▸ **Exercise**:
Starting at the line below holding "(forall x, ev P (fun w => x \in F w)) ->" and stopping at the line holding "Lemma pr_empty : pr P (fun _ => False) = 0.", print every line exactly, both ends included, and leave the rest out.

[Source records]
(* For every set of formulas $\Gamma$ and formula $\varphi$: $\Gamma\vdash_{\mathsf{NeL}+\{\mathrm{I2}\}}\varphi$ iff $\Gamma\models_{\mathfrak{N}_w^{\mathrm{I+}}}\varphi$, where (I2) is the rule scheme $\varphi\Rightarrow\psi^{*},\varphi\Rightarrow\psi\vdash\chi$ and $\mathfrak{N}_w^{\mathrm{I+}}$ is the class of $\mathfrak{N}_w$-models $(\mathbf A,\perp,\{\mathsf{t},\mathsf{f}\})$ such that for all $x,y,z\in A$, $x\perp y^{*}$ and $x\perp y$ imply $x=z$.
   Context: Formulas are built from a countably infinite set of variables using binary $\otimes,\circ$ and unary ${}^{*}$; $\mathbf{Fm}$ is the formula algebra. Abbreviations (also term operations): $\varphi\Rightarrow\psi:=(\varphi\circ\psi^{*})^{*}$; $\varphi\Leftrightarrow\psi:=(\varphi\Rightarrow\psi)\otimes(\psi\Rightarrow\varphi)$; $\varphi\not\Leftrightarrow\psi:=(\varphi\Leftrightarrow\psi)^{*}$; $\varphi\not\Leftrightarrow\psi\not\Leftrightarrow\chi:=((\varphi\not\Leftrightarrow\psi)\otimes(\varphi\not\Leftrightarrow\chi))\otimes(\psi\not\Leftrightarrow\chi)$. $\mathsf{NeL}$: axiom schemes (A1) $\varphi\Rightarrow\varphi$; (A2) $(\varphi\circ\psi)\Rightarrow(\psi\circ\varphi)$; (A3) $\varphi\Rightarrow\varphi^{**}$; (A4) $(\varphi\Rightarrow\psi)\Rightarrow(\varphi\circ\psi)$; (A5) $(\varphi\otimes\psi)\Leftrightarrow(\psi\otimes\varphi)$; (A6) $((\varphi\otimes\psi)\Rightarrow\chi)\Rightarrow((\varphi\otimes\chi^{*})\Rightarrow\psi^{*})$; (A7) $(\varphi\not\Leftrightarrow\psi\not\Leftrightarrow\chi)\Rightarrow((\varphi\Rightarrow\psi)\Rightarrow((\psi\Rightarrow\chi)\Rightarrow(\varphi\Rightarrow\chi)))$; rules on arbitrary formulas: $\varphi\Rightarrow\psi,\varphi/\psi$; $\varphi,\psi/\varphi\otimes\psi$; $\varphi\Leftrightarrow\psi,\chi/\chi'$ ($\chi'$ from $\chi$ replacing one or more occurrences of $\varphi$ by $\psi$); $\varphi\otimes\psi/\varphi$. $\mathsf{NeL}+\{\mathrm{I2}\}$ adds the rule scheme (I2). A weak $\mathcal{N}$-algebra is an algebra $(A,\otimes,\circ,{}^{*})$ of type $(2,2,1)$ with $\otimes,\circ$ commutative, $x^{**}=x$, $(x\otimes y)\circ z=(x\otimes z)\circ y$. With $\mathsf{t}\ne\mathsf{f}$ symbols not in $A$, $\overline A=A\cup\{\mathsf{t},\mathsf{f}\}$, an $\mathfrak{N}_w$-model is $(\mathbf A,\perp,\{\mathsf{t},\mathsf{f}\})$, $\mathbf A$ a weak $\mathcal{N}$-algebra, $\perp\subseteq\overline A\times\overline A$, such that for all $x,y,z\in A$: (a) $x\perp x^{*}$; (b) $x\perp y^{*}$ and $y\perp x^{*}$ imply $x=y$; (c) $x\perp y$ iff $x\circ y\perp\mathsf{t}$; (d) $x\perp\mathsf{t}$ iff $x^{*}\perp\mathsf{f}$; (e) $x\perp\mathsf{f}$ and $y\perp\mathsf{f}$ iff $x\otimes y\perp\mathsf{f}$; (f) $(x\circ y^{*})^{*}\perp(x\circ y)^{*}$; (g) $x\perp y$ and $x\perp\mathsf{f}$ imply $y\perp\mathsf{t}$; (h) $(x\not\Leftrightarrow y\not\Leftrightarrow z)\perp((x\Rightarrow y)\Rightarrow((y\Rightarrow z)\Rightarrow(x\Rightarrow z)))^{*}$. $F_\perp=\{a\in A:a\perp\mathsf{f}\}$. For a class $K$ of such models, $\Gamma\models_K\varphi$ iff there is a finite $\Gamma'\subseteq\Gamma$ such that for every model in $K$ and every homomorphism $h:\mathbf{Fm}\to\mathbf A$, $h(\Gamma')\subseteq F_\perp$ implies $h(\varphi)\in F_\perp$. *)

From Stdlib Require Import List.
Import ListNotations.
Lemma ev_forall_seq (T : eqType) (E : T -> Omega -> Prop) (s : seq T) :
  (forall x, ev P (E x)) -> ev P (fun w => forall x, x \in s -> E x w).
Proof.
move=> HE; elim: s => [|a s IH].
  by apply: ev_ext (ev_full P) => w; split=> // _ x; rewrite in_nil.
apply: ev_ext (ev_inter (HE a) IH) => w; split.
  by move=> [Ea Es] x; rewrite inE => /predU1P [->|/Es].
by move=> H; split=> [|x xs]; apply: H; rewrite inE ?eqxx ?xs ?orbT.
Qed.

Lemma ev_exists_seq (T : eqType) (E : T -> Omega -> Prop) (s : seq T) :
  (forall x, ev P (E x)) -> ev P (fun w => exists x, x \in s /\ E x w).
Proof.
move=> HE; have := ev_compl (ev_forall_seq s (fun x => ev_compl (HE x))).
apply: ev_ext => w; split; last by move=> [x [xs Ex]] /(_ x xs).
move=> notall; apply: NNPP => noex; apply: notall => x xs Ex.
by apply: noex; exists x.
Qed.

Lemma ev_forall (T : finType) (E : T -> Omega -> Prop) :
  (forall x, ev P (E x)) -> ev P (fun w => forall x, E x w).
Proof.
move=> /(ev_forall_seq (enum T)); apply: ev_ext => w.
by split=> H x; [apply: H; rewrite mem_enum|move=> _; apply: H].
Qed.

Lemma ev_exists (T : finType) (E : T -> Omega -> Prop) :
  (forall x, ev P (E x)) -> ev P (fun w => exists x, E x w).
Proof.
move=> /(ev_exists_seq (enum T)); apply: ev_ext => w.
by split=> [[x [_ Ex]]|[x Ex]]; exists x; rewrite ?mem_enum.
Qed.

(* A random finite set F is measurable as soon as each membership event is:
   then every property of F is an event, since F takes finitely many values. *)
Lemma ev_random_set (T : finType) (F : Omega -> {set T}) :
  (forall x, ev P (fun w => x \in F w)) ->
  forall Q : {set T} -> Prop, ev P (fun w => Q (F w)).
Proof.
move=> HF Q.
have : ev P (fun w => exists S, Q S /\ forall x, (x \in F w) = (x \in S)).
  apply: ev_exists => S; apply: ev_inter (ev_const _) _.
  apply: ev_forall => x; case: (x \in S).
    by apply: ev_ext (HF x) => w; split=> [->|->].
  by apply: ev_ext (ev_compl (HF x)) => w; split=> [/negP/negbTE|->].
apply: ev_ext => w; split; last by exists (F w).
by move=> [S [QS FS]]; have -> : F w = S by apply/setP => x; apply: FS.
Qed.

Lemma pr_empty : pr P (fun _ => False) = 0.
Proof.
have := pr_add ev_empty ev_empty (fun _ (f : False) _ => f).
by rewrite (@pr_ext _ P _ (fun _ => False)) => [|w]; [lra|tauto].
Qed.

▸ **Response to this task**:
  (forall x, ev P (fun w => x \in F w)) ->
  forall Q : {set T} -> Prop, ev P (fun w => Q (F w)).
Proof.
move=> HF Q.
have : ev P (fun w => exists S, Q S /\ forall x, (x \in F w) = (x \in S)).
  apply: ev_exists => S; apply: ev_inter (ev_const _) _.
  apply: ev_forall => x; case: (x \in S).
    by apply: ev_ext (HF x) => w; split=> [->|->].
  by apply: ev_ext (ev_compl (HF x)) => w; split=> [/negP/negbTE|->].
apply: ev_ext => w; split; last by exists (F w).
by move=> [S [QS FS]]; have -> : F w = S by apply/setP => x; apply: FS.
Qed.

Lemma pr_empty : pr P (fun _ => False) = 0.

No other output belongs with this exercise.